Collected data entries
(** * Hawaiian earring words *)

Lemma StronglySorted_eq {A} (lt : A -> A -> Prop) (irr : forall x, ~ lt x x)
  (tr : forall x y z, lt x y -> lt y z -> lt x z) l1 l2 :
  StronglySorted lt l1 -> StronglySorted lt l2 -> (forall x, In x l1 <-> In x l2) -> l1 = l2.
Proof.
  revert l2. induction l1 as [|a t IH]; intros [|b t2] S1 S2 E; auto.
  - exfalso. apply (proj2 (E b)). left; auto.
  - exfalso. apply (proj1 (E a)). left; auto.
  - apply StronglySorted_inv in S1 as [S1 Ha], S2 as [S2 Hb].
    rewrite Forall_forall in Ha, Hb.
    assert (Eab : a = b).
    { destruct (classic (a = b)) as [|Hab]; auto. exfalso.
      destruct (proj1 (E a) (or_introl eq_refl)) as [|Ha']; [congruence|].
      destruct (proj2 (E b) (or_introl eq_refl)) as [|Hb']; [congruence|].
      apply (irr a). eauto. }
    subst b. f_equal. apply IH; auto. intro x. split; intro Hx.
    + destruct (proj1 (E x) (or_intror Hx)) as [<-|]; auto. exfalso. apply (irr a), Ha, Hx.
    + destruct (proj2 (E x) (or_intror Hx)) as [<-|]; auto. exfalso. apply (irr a), Hb, Hx.
Qed.

Lemma wequiv_of_monotone_surj (A B : word) (f : wdom A -> wdom B) :
  (forall i j, wlt A i j -> wlt B (f i) (f j)) -> (forall i, wlet B (f i) = wlet A i) ->
  (forall y, exists x, f x = y) -> wequiv A B.
Proof.
  intros Hmono Hlet Hsurj m l1 l2 [ds1 [S1 [I1 ->]]] [ds2 [S2 [I2 ->]]].
  replace ds2 with (map f ds1).
  { rewrite map_map. f_equal. apply map_ext. auto. }
  apply (StronglySorted_eq (wlt B) (wlt_irrefl B) (wlt_trans B)); [|exact S2|].
  - clear -S1 Hmono. induction S1 as [|x l _ IH Hx]; simpl; constructor; auto.
    apply Forall_map. eapply Forall_impl; [|exact Hx]. auto.
  - intro y. rewrite I2, in_map_iff. split.
    + intros [x [<- Hx]]. rewrite Hlet. apply I1, Hx.
    + intro H. destruct (Hsurj y) as [x <-]. exists x. rewrite Hlet in H. split; [|apply I1]; auto.
Qed.

Fixpoint wrep (V : word) (k : nat) : word :=
  match k with 0 => V | S k => wcat V (wrep V k) end.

- [TASK GOAL]: Copy each line above where "split" appears.

- [OUTPUT FOR THIS TASK]:
    subst b. f_equal. apply IH; auto. intro x. split; intro Hx.
  - intro y. rewrite I2, in_map_iff. split.
    + intro H. destruct (Hsurj y) as [x <-]. exists x. rewrite Hlet in H. split; [|apply I1]; auto.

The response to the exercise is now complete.